Рот — сухая вонь, как в пересохшем от засухи отстойнике. Лицо — клоака боли, затвердевшей кровоподтёками, стянутое робкими, как молодая листва, корочками. Надо встать, попить воды. Ноги — ненадёжны и вибрируют, как работающий перфоратор.
Степан — великий русский писатель — не узнаёт помещения, в котором проснулся. Как он сюда попал? Что это за женщина спит, отвернувшись? А где жена? «Она уехала, вместе с детьми, к своей маме в Ставрополь, оставив меня дописывать великий русский роман», вспоминает Степан. Он провожал семью на вокзал.
До этого момента — всё чётко. Степан помнил, как решил пойти домой пешком. Два километра. Тут хлынул ливень. Степан промок, свернул в подвальное кафе. Заказал сто грамм с бутербродом.

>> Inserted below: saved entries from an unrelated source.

(* Let $l\ge3$ and let $a,b\ge2$ be integers with $a+b=l+1$. Let $G$ be a spanning subgraph of $\widetilde O_{k+1}$ containing no cycle of length $4l+2$. If $C$ is a cycle of length $4a$ in $G$ and $C'$ is a cycle of length $4b$ in $G$ with $E(C)\cap E(C')\ne\emptyset$, then $|D(C)\cap D(C')|\ge 2$.
   Context: $\widetilde O_{k+1}=J(2k+1;k,k+1)$ is the bipartite graph with vertex set $\binom{[2k+1]}{k}\cup\binom{[2k+1]}{k+1}$, with $u,v$ adjacent iff $u\subset v$ or $v\subset u$. The direction $d(uv)$ of an edge $\{u,v\}$ is the single element of $u\,\Delta\, v$. For a subgraph $F$, $D(F)=\{d(e): e\in E(F)\}$. A spanning subgraph has the same vertex set. *)

From mathcomp Require Import all_boot.
Set Implicit Arguments. Unset Strict Implicit. Unset Printing Implicit Defensive.

(* Vertices of J(2k+1;k,k+1) are subsets of [2k+1] = 'I_(2k+1). We take the
   ambient type of all subsets; the vertex set of O~_{k+1} is cut out by
   cardinality (k or k+1) inside the adjacency relation. *)
Definition vtx (k : nat) := {set 'I_(k.*2.+1)}.

Definition isV k (u : vtx k) : bool := (#|u| == k) || (#|u| == k.+1).

Definition adjO k (u v : vtx k) : bool :=
  [&& #|u| == k, #|v| == k.+1 & u \subset v] ||
  [&& #|v| == k, #|u| == k.+1 & v \subset u].

(* A spanning subgraph of O~_{k+1}: same vertex set, edge set a subset of
   E(O~_{k+1}); given as a symmetric edge relation contained in adjO. *)
Definition spanning_sub k (e : rel (vtx k)) : Prop :=
  (forall u v, e u v = e v u) /\ (forall u v, e u v -> adjO u v).

Definition is_cycle (T : finType) (e : rel T) (c : seq T) : bool :=
  [&& 3 <= size c, uniq c & cycle e c].

Definition cedges (T : finType) (c : seq T) : {set {set T}} :=
  [set [set x; next c x] | x in c].

(* Direction set D(C): union of the symmetric differences u Δ v over edges uv
   of C (each is the singleton {d(uv)}). *)
Definition cdirs k (c : seq (vtx k)) : {set 'I_(k.*2.+1)} :=
  \bigcup_(x <- c) ((x :\: next c x) :|: (next c x :\: x)).

From mathcomp Require Import all_boot zify.
Set Implicit Arguments. Unset Strict Implicit. Unset Printing Implicit Defensive.

(* Let C, C' be cycles of lengths 4a and 4b sharing an edge
   {x, y} and suppose, for a contradiction, that |D(C) ∩ D(C')| <= 1.
   - If i is not a direction of a cycle, membership of i is the same for all
     vertices of that cycle, as it is invariant under the successor map.
   - Hence two vertices lying on both C and C' can only differ in the (at
     most one) common direction; since x and y differ somewhere, every common
     vertex of C and C' is x or y.
   - Two cycles meeting only in the endpoints of a common edge glue, after
     deleting that edge, into a cycle of length |C| + |C'| - 2; here this is
     4a + 4b - 2 = 4l + 2, a length G does not contain. *)

Lemma cycle_splice (T : eqType) (e : rel T) x y p q :
  uniq [:: x, y & p] -> cycle e [:: x, y & p] ->
  uniq [:: y, x & q] -> cycle e [:: y, x & q] ->
  {in p, forall z, z \notin q} ->
  uniq (y :: p ++ x :: q) && cycle e (y :: p ++ x :: q).
Proof.
move=> U1 C1 U2 C2 pq; apply/andP; split.
  move: U1 U2; rewrite /= !inE !mem_cat !inE cat_uniq /= !negb_or.
  move=> /andP[/andP[_ nyp] /andP[nxp Up]] /andP[/andP[yx nxq] /andP[nyq Uq]].
  rewrite nyp nxp nyq nxq Up Uq yx /= !andbT.
  by apply/hasPn => z zq; apply: contraL zq; apply: pq.
move: C1 C2; rewrite /= !rcons_path /=.
move=> /andP[_ /andP[yp px]] /andP[_ /andP[xq qy]].
by rewrite cat_path last_cat /= yp px xq qy.
Qed.

Section Cycles.

Variable T : finType.

Lemma cycle_invariant (c : seq T) (P : pred T) : uniq c ->
  {in c, forall y, P (next c y) = P y} -> {in c &, forall x y, P x = P y}.
Proof.
move=> Uc Pnext x y xc yc; apply: (@fconnect_invariant _ (next c)).
  move=> z /=; apply/eqP; have [zc|zNc] := boolP (z \in c); first exact: Pnext.
  by rewrite next_nth (negbTE zNc).
by rewrite (fconnect_cycle (cycle_next Uc) xc).
Qed.

Lemma rot_to_next (c : seq T) x : uniq c -> x \in c -> 1 < size c ->
  exists i p, rot i c = [:: x, next c x & p].
Proof.
move=> Uc xc c2; case: (rot_to xc) => i [|y p] Hr.
  by move: c2; rewrite -(size_rot i) Hr.
by exists i, p; rewrite Hr -(next_rot i Uc) Hr /next /= eqxx.
Qed.

Lemma doubleton_eq (x y u v : T) : u != v -> [set x; y] = [set u; v] ->
  (x = u /\ y = v) \/ (x = v /\ y = u).
Proof.
move=> uv Exy.
have : u \in [set x; y] by rewrite Exy set21.
have : v \in [set x; y] by rewrite Exy set22.
have : x \in [set u; v] by rewrite -Exy set21.
rewrite !inE => /orP[]/eqP xE /orP[]/eqP vE /orP[]/eqP uE.
all: try by [left | right].
all: by rewrite ?xE ?uE ?vE ?eqxx in uv *.
Qed.

Variable e : rel T.
Hypothesis e_sym : symmetric e.

Lemma cycle_from_edge (c : seq T) x y : is_cycle e c -> [set x; y] \in cedges c ->
  exists p, [/\ uniq [:: x, y & p], cycle e [:: x, y & p] & perm_eq c [:: x, y & p]].
Proof.
case/and3P=> c3 Uc Cc /imsetP[z zc Exy].
have [i [p Hr]] := rot_to_next Uc zc (ltnW c3).
have Up : uniq [:: z, next c z & p] by rewrite -Hr rot_uniq.
have Cp : cycle e [:: z, next c z & p] by rewrite -Hr rot_cycle.
have Pp : perm_eq c [:: z, next c z & p] by rewrite -Hr perm_sym perm_rot.
have zn : z != next c z by move: Up; rewrite /= inE negb_or => /andP[/andP[]].
have [[-> ->]|[-> ->]] := doubleton_eq zn Exy.
  by exists p.
exists (rev p).
have Erev : [:: next c z, z & rev p] = rot (size p) (rev [:: z, next c z & p]).
  by rewrite !rev_cons -!cats1 -catA -(size_rev p) rot_size_cat.
rewrite Erev rot_uniq rev_uniq rot_cycle rev_cycle (eq_cycle (fun u v => e_sym v u)).
by rewrite perm_sym perm_rot perm_rev perm_sym.
Qed.

Lemma cedges_endpoints (c : seq T) x y : is_cycle e c -> [set x; y] \in cedges c ->
  [/\ x \in c, y \in c & x != y].
Proof.
move=> cyc /(cycle_from_edge cyc)[p [Up _ Pp]].
rewrite !(perm_mem Pp) !inE !eqxx ?orbT.
by move: Up; rewrite /= inE negb_or => /andP[/andP[]].
Qed.

Lemma cycle_glue (C C' : seq T) x y : is_cycle e C -> is_cycle e C' ->
  [set x; y] \in cedges C -> [set x; y] \in cedges C' ->
  {in C, forall z, z \in C' -> (z == x) || (z == y)} ->
  exists c, is_cycle e c /\ size c = size C + size C' - 2.
Proof.
move=> cycC cycC' EC EC' only_xy.
have [p [Up Cp Pp]] := cycle_from_edge cycC EC.
have [q [Uq Cq Pq]] := cycle_from_edge cycC' (etrans (congr1 _ (setUC _ _)) EC').
have disj : {in p, forall z, z \notin q}.
  move=> z zp; apply/negP => zq.
  have zC : z \in C by rewrite (perm_mem Pp) !inE zp !orbT.
  have zC' : z \in C' by rewrite (perm_mem Pq) !inE zq !orbT.
  by case/orP: (only_xy z zC zC') => /eqP zE; move: Up; rewrite /= !inE -zE zp ?orbT => /and3P[].
have /andP[Us Cs] := cycle_splice Up Cp Uq Cq disj.
exists (y :: p ++ x :: q); rewrite /is_cycle Us Cs !andbT.
have /and3P[sC _ _] := cycC; rewrite (perm_size Pp) /= in sC.
rewrite (perm_size Pp) (perm_size Pq) /= size_cat /=.
set n := size p in sC *; set m := size q.
by clear - sC; split; lia.
Qed.
End Cycles.

Lemma cdirs_invariant k (c : seq (vtx k)) i : uniq c -> i \notin cdirs c ->
  {in c &, forall x y : vtx k, (i \in x) = (i \in y)}.
Proof.
move=> Uc iNc; apply: (cycle_invariant (P := fun x : vtx k => i \in x) Uc).
move=> y yc; apply/eqP; apply: contraR iNc => ne.
rewrite /cdirs (big_rem y) //= !inE.
by move: ne; case: (i \in y); case: (i \in next c y).
Qed.

Lemma common_vertices_agree k (C C' : seq (vtx k)) x y i : uniq C -> uniq C' ->
  x \in C -> x \in C' -> y \in C -> y \in C' ->
  i \notin cdirs C :&: cdirs C' -> (i \in x) = (i \in y).
Proof.
move=> UC UC' xC xC' yC yC'; rewrite inE negb_and => /orP[iNC|iNC'].
  exact: cdirs_invariant UC iNC x y xC yC.
exact: cdirs_invariant UC' iNC' x y xC' yC'.
Qed.

(* Key step: if C and C' have at most one common direction and share two
   distinct vertices u and v, then u and v are their only common vertices,
   since a common vertex agrees with u everywhere except at the single
   coordinate i where u and v differ. *)
Lemma common_vertices_pair k (C C' : seq (vtx k)) u v z : uniq C -> uniq C' ->
  u \in C -> u \in C' -> v \in C -> v \in C' -> u != v ->
  #|cdirs C :&: cdirs C'| <= 1 -> z \in C -> z \in C' -> (z == u) || (z == v).
Proof.
move=> UC UC' uC uC' vC vC' uv few zC zC'.
have agree := common_vertices_agree UC UC'.
have [i iuv] : exists i, (i \in u) != (i \in v).
  apply/existsP; apply: contraNT uv => /existsPn same.
  by apply/eqP/setP => j; apply/eqP/negbNE/same.
have iS : i \in cdirs C :&: cdirs C'.
  by apply: contraR iuv => iNS; rewrite (agree u v i uC uC' vC vC' iNS).
have only_i j : j != i -> j \notin cdirs C :&: cdirs C'.
  by apply: contra => jS; rewrite (elimT card_le1_eqP few j i jS iS).
have [zu|zu] := eqVneq (i \in z) (i \in u).
  apply/orP; left; apply/eqP/setP => j; have [->|ji] := eqVneq j i => //.
  exact: agree zC zC' uC uC' (only_i j ji).
apply/orP; right; apply/eqP/setP => j; have [->|ji] := eqVneq j i.
  by move: zu iuv; case: (i \in z); case: (i \in u); case: (i \in v).
by rewrite (agree z u j) ?(agree u v j) ?only_i.
Qed.

Theorem lemma5p4 (k l a b : nat) (e : rel (vtx k)) :
  3 <= l -> 2 <= a -> 2 <= b -> a + b = l.+1 ->
  spanning_sub e ->
  ~ (exists c : seq (vtx k), is_cycle e c /\ size c = 4 * l + 2) ->
  forall C C' : seq (vtx k),
    is_cycle e C -> size C = 4 * a ->
    is_cycle e C' -> size C' = 4 * b ->
    cedges C :&: cedges C' != set0 ->
    2 <= #|cdirs C :&: cdirs C'|.
Proof.
move=> _ _ _ hab [e_sym _] no_cycle C C' cycC sC cycC' sC'.
case/set0Pn=> E /setIP[EC EC']; rewrite leqNgt; apply/negP => few; apply: no_cycle.
have /imsetP[x _ Exy] := EC; rewrite {}Exy in EC EC'.
have [xC yC xy] := cedges_endpoints e_sym cycC EC.
have [xC' yC' _] := cedges_endpoints e_sym cycC' EC'.
have [UC UC'] : uniq C /\ uniq C' by case/and3P: cycC; case/and3P: cycC'.
have only_xy z : z \in C -> z \in C' -> (z == x) || (z == next C x).
  exact: common_vertices_pair UC UC' xC xC' yC yC' xy few.
have [c [cyc sc]] := cycle_glue e_sym cycC cycC' EC EC' only_xy.
by exists c; split; rewrite // sc sC sC'; clear - hab; lia.
Qed.
Lemma ann_Icomp_gsubcoalg : is_gsubcoalg (fun n => ann (I n)).
Proof.
move=> n x /mem_annP xI p _; apply/in_tensorP/mem_tensvP.
split=> [j | i]; apply/mem_annP => c cI.
  by rewrite ev_colr_comulm xI // Icomp_dmulr.
by rewrite ev_row_comulm xI // Icomp_dmull.
Qed.

Lemma ann_Icomp_agree : agree_on phi psi (fun n => ann (I n)).
Proof. by apply/agree_on_theta => n x /mem_annP; apply; apply: theta_Icomp. Qed.

End CharacterIdeal.

Section MaximalSubcoalgebra.
Variables (K : fieldType) (H : gHopfData K).
Hypothesis HH : is_gcHopf H.
Variables phi psi : lfun H.
Hypotheses (Hphi : is_character phi) (Hpsi : is_character psi).
Variable S : gsubspace H.
Hypothesis HS : is_S phi psi S.
Local Notation d := (hdim H).
Local Notation I := (Icomp phi psi).

Let S_gsubcoalg : is_gsubcoalg S. Proof. by case: HS. Qed.
Let S_agree : agree_on phi psi S. Proof. by case: HS. Qed.
Let S_max T : is_gsubcoalg T -> agree_on phi psi T -> forall n, (T n <= S n)%VS.
Proof. by case: HS => _ _; apply. Qed.

Lemma S_ann_Icomp n : S n = ann (I n).
Proof.
apply/eqP; rewrite eqEsubv; apply/andP; split.
  by rewrite -[X in (X <= _)%VS]annK annS ?Icomp_sub_ann.
exact: S_max (@ann_Icomp_gsubcoalg _ _ HH phi psi) (@ann_Icomp_agree _ _ HH phi psi) n.
Qed.

Lemma mem_Icomp n a : (a \in I n) = (a \in ann (S n)).
Proof. by rewrite S_ann_Icomp annK. Qed.

Lemma S0_full : S 0 = fullv.
Proof. by rewrite S_ann_Icomp Icomp0 ?ann0. Qed.

Definition Sprod n : {vspace 'rV[K]_(d n)} :=
  (\sum_(p < n.+1) \sum_(q < n.+1) blimg (hmul p q n) (S p) (S q))%VS.
(** * Exponential decay on [L_-] *)

Lemma tends_to_0_exp_bound (f : R -> R) C k :
  0 < k -> (forall t, t >= 0 -> Rabs (f t) <= C * exp (- k * t)) -> tends_to_0_at_infty f.
Proof.
  intros Hk Hf eps Heps. set (B := Rabs C + 1).
  assert (HB : 0 < B) by (unfold B; pose proof (Rabs_pos C); lra).
  set (T := (ln B - ln eps) / k + 1).
  exists (Rmax 0 T). intros t Ht.
  pose proof (Rmax_l 0 T). pose proof (Rmax_r 0 T).
  assert (HkT : k * t >= ln B - ln eps + k).
  { replace (ln B - ln eps + k) with (k * T) by (unfold T; field; lra).
    apply Rmult_ge_compat_l; lra. }
  assert (Hexp : exp (- k * t) < eps / B).
  { replace (eps / B) with (exp (ln eps - ln B))
      by (unfold Rminus; rewrite exp_plus, exp_Ropp, !exp_ln by lra; reflexivity).
    apply exp_increasing. lra. }
  eapply Rle_lt_trans; [apply Hf; lra|].
  pose proof (exp_pos (- k * t)). pose proof (Rle_abs C).
  apply (Rle_lt_trans _ (B * exp (- k * t))); [apply Rmult_le_compat_r; unfold B; lra|].
  apply (Rmult_lt_compat_l B) in Hexp; auto. replace (B * (eps / B)) with eps in Hexp by (field; lra).
  exact Hexp.
Qed.

Lemma le_0_of_le_tends_to_0 (g : R -> R) s c :
  0 <= c -> (forall t, s <= c * g t) -> tends_to_0_at_infty g -> s <= 0.
Proof.
  intros Hc Hs Hg. apply le_epsilon. intros e He.
  destruct (Hg (e / (c + 1))) as [T HT]; [apply Rdiv_lt_0_compat; lra|].
  specialize (HT T (Rge_refl T)). specialize (Hs T). pose proof (Rle_abs (g T)).
  assert (c * g T <= c * (e / (c + 1))) by (apply Rmult_le_compat_l; lra).
  assert (c * (e / (c + 1)) <= e).
  { apply (Rmult_le_reg_r (c + 1)); [lra|]. replace (c * (e / (c + 1)) * (c + 1)) with (c * e)
      by (field; lra). nra. }
  lra.
Qed.

Section Decay.
Variable N : nat.
Variable V : nat -> nat -> R.
Variable alpha : R.
Variable E : R -> state -> state.
Hypothesis HN : (1 <= N)%nat.
Hypothesis Hsym : symmetric N V.
Hypothesis Hpd : pos_def N V.
Hypothesis Halpha : alpha > 0.
Hypothesis HE : forall t psi, is_expA N V alpha t psi (E t psi).

Notation A := (Aop N V alpha).
Notation Ap := (Apow N V alpha).
Notation obs_sum := (obs_sum N V alpha).

Lemma Ham_E_deriv psi t :
  is_derive (fun s => Ham N V (E s psi)) t (- alpha * (snd (E t psi) 0%nat * snd (E t psi) 0%nat)).
Proof.
  apply (is_derive_ext (fun s => / 2 * energy N V (E s psi) (E s psi))).
  { intros s. now rewrite Ham_energy. }
  replace (- alpha * (snd (E t psi) 0%nat * snd (E t psi) 0%nat))
    with (/ 2 * (-2 * alpha * snd (E t psi) 0%nat * snd (E t psi) 0%nat)) by field.
  apply is_derive_scal, (energy_deriv N V alpha); auto; apply (E_trajectory N V alpha E); auto.
Qed.

(* The Lyapunov function: the energy of the first [J] derivatives of the orbit. *)
Definition lyapunov (J : nat) (x : state) : R := rsum J (fun j => Ham N V (Ap j x)).

Lemma lyapunov_E_deriv J psi t :
  is_derive (fun s => lyapunov J (E s psi)) t (- alpha * obs_sum J (E t psi)).
Proof.
  apply (is_derive_ext (fun s => rsum J (fun j => Ham N V (E s (Ap j psi))))).
  { intros s. apply rsum_ext. intros j _. apply (Ham_ext N V), (E_Apow N V alpha E); auto. }
  unfold obs_sum. rewrite <- rsum_scal.
  apply (is_derive_ext _ _ _ _ (fun s => eq_refl)).
  erewrite rsum_ext; [apply (is_derive_rsum J (fun j s => Ham N V (E s (Ap j psi))));
    intros; apply Ham_E_deriv|].
  intros j _. unfold obs. destruct (E_Apow N V alpha E HN HE j t psi 0%nat ltac:(lia)) as [_ ->].
  ring.
Qed.

Lemma lyapunov_nonneg J x : 0 <= lyapunov J x.
Proof. apply rsum_nonneg. intros; apply (Ham_nonneg N V Hpd). Qed.

Lemma obs_sum_le_lyapunov J x : obs_sum J x <= 2 * lyapunov J x.
Proof.
  unfold obs_sum, lyapunov. rewrite <- rsum_scal. apply rsum_le. intros.
  eapply obs_sq_le_Ham; eauto.
Qed.

Lemma energy_decay : exists M k, 0 <= M /\ 0 < k /\
  forall t psi, t >= 0 -> in_Lminus N V psi ->
    dot2 N (E t psi) (E t psi) <= M * exp (- k * t) * dot2 N psi psi.
Proof.
  destruct (Lminus_observability N V alpha HN Hsym Hpd) as [J [K1 [HK1 Hobs]]].
  set (KW := (1 + mx_norm2 N V) * rsum J (fun j => Aop_norm2 N V alpha ^ j)).
  assert (HKW : 0 <= KW).
  { apply Rmult_le_pos; [pose proof (mx_norm2_nonneg N V); lra|]. apply rsum_nonneg. intros.
    apply pow_le. pose proof (Aop_norm2_ge1 N V alpha). lra. }
  assert (Hly : forall x, lyapunov J x <= KW * dot2 N x x) by (intros; apply Ham_orbit_bound; auto).
  set (k := alpha / ((KW + 1) * (K1 + 1))).
  assert (Hk : 0 < k) by (apply Rdiv_lt_0_compat; [lra|]; apply Rmult_lt_0_compat; lra).
  assert (Hly_obs : forall x, in_Lminus N V x -> k * lyapunov J x <= alpha * obs_sum J x).
  { intros x Hx. pose proof (Hly x). pose proof (Hobs x Hx). pose proof (lyapunov_nonneg J x).
    pose proof (obs_sum_nonneg N V alpha J x). pose proof (dot2_nonneg N x).
    assert (lyapunov J x <= (KW + 1) * (K1 + 1) * obs_sum J x) by nra.
    unfold k. apply (Rmult_le_reg_l ((KW + 1) * (K1 + 1))); [apply Rmult_lt_0_compat; lra|].
    replace ((KW + 1) * (K1 + 1) * (alpha / ((KW + 1) * (K1 + 1)) * lyapunov J x))
      with (alpha * lyapunov J x) by (field; lra). nra. }
  exists (2 * K1 * KW), k. split; [apply Rmult_le_pos; lra|]. split; auto.
  intros t psi Ht Hpsi.
  assert (HW : lyapunov J (E t psi) <= exp (- k * t) * lyapunov J (E 0 psi)).
  { apply (gronwall (fun s => lyapunov J (E s psi)) (fun s => - alpha * obs_sum J (E s psi)));
      auto; [apply lyapunov_E_deriv|].
    intros s. pose proof (Hly_obs _ (E_Lminus N V alpha E HE s psi Hpsi)). lra. }
  replace (lyapunov J (E 0 psi)) with (lyapunov J psi) in HW
    by (apply rsum_ext; intros; symmetry;
        apply (Ham_ext N V), (Apow_ext N V alpha), (E_at_0 N V alpha E); auto).
  pose proof (Hobs _ (E_Lminus N V alpha E HE t psi Hpsi)).
  pose proof (obs_sum_le_lyapunov J (E t psi)). pose proof (Hly psi). pose proof (exp_pos (- k * t)).
  apply (Rle_trans _ (K1 * obs_sum J (E t psi))); auto.
  apply (Rle_trans _ (K1 * (2 * (exp (- k * t) * (KW * dot2 N psi psi))))); [|nra].
  apply Rmult_le_compat_l; auto. nra.
Qed.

А это было — преступление. Степан жил трезво очень давно. Зачем он вдруг развязался вчера? Ничто ведь не предвещало.
К нему подсела компания — вроде бы, весёлая. И опасная.
Она-то, видимо, попинала Степана. Болела физиономия, ныли рёбра, трагически завывала коленная чашечка.
Что-то явно произошло. Но памяти не было. Её стёр алкогольный ластик, оставив лохматые фрагменты заборов, сараев, фонарей, столбов, канав.
И вот он здесь.
УРОВЕНЬ 6NAgr#Ы
Противник свеж и бодр. Чёрные, как копоть Ада, волосы зачёсаны назад. На нём чёрный костюм. На руках по шесть пальцев. На одном из них — кольцо с чернейшим алмазом.
— Моё почтение, коллега, — усмехается тонкими губами подонка противник.
Я ловлю несказанное. Он выражает, видите ли, почтение. И это после вчерашней игры, которая стала катастрофическим разгромом. Впервые более, чем за сорок земных лет, меня обставили, как игрока уровня «сосунок».
При таком бэкграунде выражение почтения — несомненно, издёвка.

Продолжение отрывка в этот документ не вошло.